Por si eso fuera poco, en otra de las visitas, un técnico con particular celo se entretuvo con los planos del local. Resulta que la mitad de la superficie de Ca’l Pep no se puede utilizar como bodega, por mucho que así haya sido durante los últimos 70 años, sino como almacén. «Me permiten 18 personas, cuando caben unas 50», explica. Menos de la mitad de gente, menos de la mitad de la facturación.

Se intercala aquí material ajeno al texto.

(* For integers $n$ and $\lceil n/2\rceil\le j\le n$ let $$B_j=\Big(\frac{n!}{(n-j)!}\Big)^2\frac{1}{j!}\Big(1-\frac{j}{n}\Big)^{n\log n},$$ and set $\varphi_2(n)=\sum_{j=\lceil n/2\rceil}^{n}B_j$. Then for $n\ge 9$, $$\varphi_2(n)\le\exp\Big\{1-\tfrac{3}{1000}\,n\log n\Big\}.$$
   Context: $\log$ denotes the natural logarithm. *)

From Stdlib Require Import Reals Lra Lia Arith.
Open Scope R_scope.

(* Real power x^y for x >= 0, with the convention 0^y = 0 (y > 0).
   Stdlib's Rpower 0 y = exp (y * ln 0) = 1, hence this wrapper. *)
Definition rpow (x y : R) : R := if Req_EM_T x 0 then 0 else Rpower x y.

Definition B (n j : nat) : R :=
  (INR (fact n) / INR (fact (n - j))) ^ 2 * / INR (fact j)
  * rpow (1 - INR j / INR n) (INR n * ln (INR n)).

Definition ceil_half (n : nat) : nat := Nat.div (n + 1) 2.

(* phi_2(n) = sum_{j = ceil(n/2)}^{n} B_j ; sum_f_R0 f m has m+1 terms *)
Definition phi2 (n : nat) : R :=
  sum_f_R0 (fun k => B n (k + ceil_half n)%nat) (n - ceil_half n).

(* Write L = log n and k = n - j, so 0 <= k <= n/2 for the indices of phi_2(n).

   Large n (n >= 40): every term is bounded by the same quantity.  Pairing the factors
   of n!/k! gives n!/k! <= c^j with c = (n+k+1)/2 (AM-GM), and j! >= e (j/e)^j, so
   B_j <= e^{-1} D^j (k/n)^{nL} with D = (7/6) e n.  Since log(2k/n) <= 2k/n - 1 and
   log D <= 2L, the exponent j log D + nL log(k/n) is largest at j = n/2, whence
   B_j <= exp(n/2 log D - nL log 2 - 1); at most n such terms, log 2 >= 0.69 and
   L >= 7/2 give the claim.

   Small n (9 <= n <= 39): lowering the real exponent nL to an integer N <= nL can only
   increase each term, which then becomes an explicit rational number; an exact integer
   computation shows that the sum is at most 2 - 12n/1000, which is below the target
   because exp x >= 1 + x and L <= 4. *)

From Stdlib Require Import Reals Lra Lia Arith ZArith List.
Import ListNotations.
Open Scope R_scope.

Lemma exp_le_mono x y : x <= y -> exp x <= exp y.
Proof. intros [H | ->]; [left; apply exp_increasing, H | right; reflexivity]. Qed.

Lemma ln_le_mono x y : 0 < x -> x <= y -> ln x <= ln y.
Proof. intros Hx [H | ->]; [left; apply ln_increasing; assumption | right; reflexivity]. Qed.

Lemma ln_le_sub1 x : 0 < x -> ln x <= x - 1.
Proof. intros Hx. pose proof (exp_ineq1_le (ln x)) as H. rewrite exp_ln in H; lra. Qed.

(* exp (N a) = (exp a)^N: evaluates exp at a rational point through a small one. *)
Lemma exp_mul_nat N a : exp (INR N * a) = exp a ^ N.
Proof.
  induction N as [|N IH]; [simpl; rewrite Rmult_0_l, exp_0; reflexivity|].
  rewrite S_INR, Rmult_plus_distr_r, Rmult_1_l, exp_plus, IH. simpl. ring.
Qed.

(* exp x <= 1/(1-x) on [0,1), from exp (-x) >= 1 - x. *)
Lemma exp_le_inv_1m x : 0 <= x < 1 -> exp x <= / (1 - x).
Proof.
  intros Hx. pose proof (exp_ineq1_le (- x)) as H. rewrite exp_Ropp in H.
  rewrite <- (Rinv_inv (exp x)). apply Rinv_le_contravar; lra.
Qed.

Lemma exp1_le : exp 1 <= 11/4.
Proof.
  replace 1 with (INR 64 * (1/64)) by (simpl; lra). rewrite exp_mul_nat.
  apply Rle_trans with ((/ (1 - 1/64)) ^ 64); [|lra].
  apply pow_incr. split; [left; apply exp_pos | apply exp_le_inv_1m; lra].
Qed.

Lemma ln2_ge : 69/100 <= ln 2.
Proof.
  rewrite <- (ln_exp (69/100)). apply ln_le_mono; [apply exp_pos|].
  replace (69/100) with (INR 128 * (69/12800)) by (simpl; lra). rewrite exp_mul_nat.
  apply Rle_trans with ((/ (1 - 69/12800)) ^ 128); [|lra].
  apply pow_incr. split; [left; apply exp_pos | apply exp_le_inv_1m; lra].
Qed.

(* log x <= 4 on (0, 40], since exp 4 >= (1 + 1/8)^32 >= 40. *)
Lemma ln_le_4 x : 0 < x <= 40 -> ln x <= 4.
Proof.
  intros Hx. rewrite <- (ln_exp 4). apply ln_le_mono; [lra|].
  assert (H : (1 + 1/8) ^ 32 <= exp 4).
  { replace 4 with (INR 32 * (1/8)) by (simpl; lra). rewrite exp_mul_nat.
    apply pow_incr. split; [lra | apply exp_ineq1_le]. }
  lra.
Qed.

(* log x >= 7/2 for x >= 40, since exp 7 <= (11/4)^7 <= 40^2. *)
Lemma ln_ge_7_2 x : 40 <= x -> 7/2 <= ln x.
Proof.
  intros Hx.
  assert (H : 7 <= ln (x ^ 2)).
  { rewrite <- (ln_exp 7). apply ln_le_mono; [apply exp_pos|].
    replace 7 with (INR 7 * 1) by (simpl; ring). rewrite exp_mul_nat.
    apply Rle_trans with ((11/4) ^ 7).
    - apply pow_incr. split; [left; apply exp_pos | apply exp1_le].
    - simpl. nra. }
  rewrite ln_pow in H by lra. simpl in H. lra.
Qed.

(* Stirling-type lower bound m! >= e (m/e)^m, written without division.  The step uses
   (1 + 1/m)^m <= e. *)
Lemma fact_ge_stirling m : (1 <= m)%nat -> exp 1 * INR m ^ m <= INR (fact m) * exp 1 ^ m.
Proof.
  induction m as [|m IH]; intros Hm; [lia|].
  destruct (Nat.eq_dec m 0) as [->|Hm0]; [simpl; lra|].
  specialize (IH ltac:(lia)).
  assert (Hmp : 0 < INR m) by (apply lt_0_INR; lia).
  assert (He : 0 < exp 1) by apply exp_pos.
  assert (Hgrowth : (INR m + 1) ^ m <= exp 1 * INR m ^ m).
  { replace (INR m + 1) with (INR m * (1 + 1 / INR m)) by (field; lra).
    rewrite Rpow_mult_distr, Rmult_comm. apply Rmult_le_compat_r; [apply pow_le; lra|].
    replace (exp 1) with (exp (1 / INR m) ^ m)
      by (rewrite <- exp_mul_nat; f_equal; field; lra).
    apply pow_incr. split; [|apply exp_ineq1_le].
    assert (0 < 1 / INR m) by (apply Rdiv_lt_0_compat; lra). lra. }
  change (fact (S m)) with (S m * fact m)%nat. rewrite mult_INR, S_INR. cbn [pow].
  assert (Hpos : 0 <= (INR m + 1) * exp 1) by nra.
  apply Rle_trans with ((INR m + 1) * exp 1 * (exp 1 * INR m ^ m)); [nra|].
  replace ((INR m + 1) * INR (fact m) * (exp 1 * exp 1 ^ m))
    with ((INR m + 1) * exp 1 * (INR (fact m) * exp 1 ^ m)) by ring.
  apply Rmult_le_compat_l; assumption.
Qed.

Lemma inv_fact_le m : (1 <= m)%nat -> / INR (fact m) <= / exp 1 * (exp 1 / INR m) ^ m.
Proof.
  intros Hm. pose proof (fact_ge_stirling m Hm) as H.
  assert (Hmp : 0 < INR m) by (apply lt_0_INR; lia).
  assert (He : 0 < exp 1) by apply exp_pos.
  assert (Hf : 0 < INR (fact m)) by (apply lt_0_INR, lt_O_fact).
  assert (Hmm : 0 < INR m ^ m) by (apply pow_lt; lra).
  assert (Hem : 0 < exp 1 ^ m) by (apply pow_lt; lra).
  replace (/ exp 1 * (exp 1 / INR m) ^ m) with (/ (exp 1 * INR m ^ m / exp 1 ^ m))
    by (unfold Rdiv; rewrite Rpow_mult_distr, pow_inv; field; lra).
  apply Rinv_le_contravar; [apply Rdiv_lt_0_compat; nra|].
  apply Rmult_le_reg_r with (exp 1 ^ m); [lra|].
  unfold Rdiv. rewrite Rmult_assoc, Rinv_l, Rmult_1_r by lra. exact H.
Qed.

Griselda confiaba que con buena voluntad el Ayuntamiento le ayudaría a solventar el problema del aforo a cambio de la insonorización. Nada más lejos de la realidad. Ha chocado con un muro burocrático que prefiere, o eso parece, no atender a razones. «Acabo de heredar el local, tras una pandemia, soy madre soltera, es decir, familia monoparental, emprendedora y con un local emblemático. No entiendo a este Ayuntamiento. No entiendo que no me dé una salida que no sea el cierre», explica Griselda. Y no le falta razón. Cuesta creer que un gobierno que presume de proteger negocios históricos, de feminista e incluso de distanciarse de la Barcelona de la barra libre que imperó tras los Juegos Olímpicos se preste a repetir el mismo patrón. Quizás prefieran los locales de gintonics con dosificador.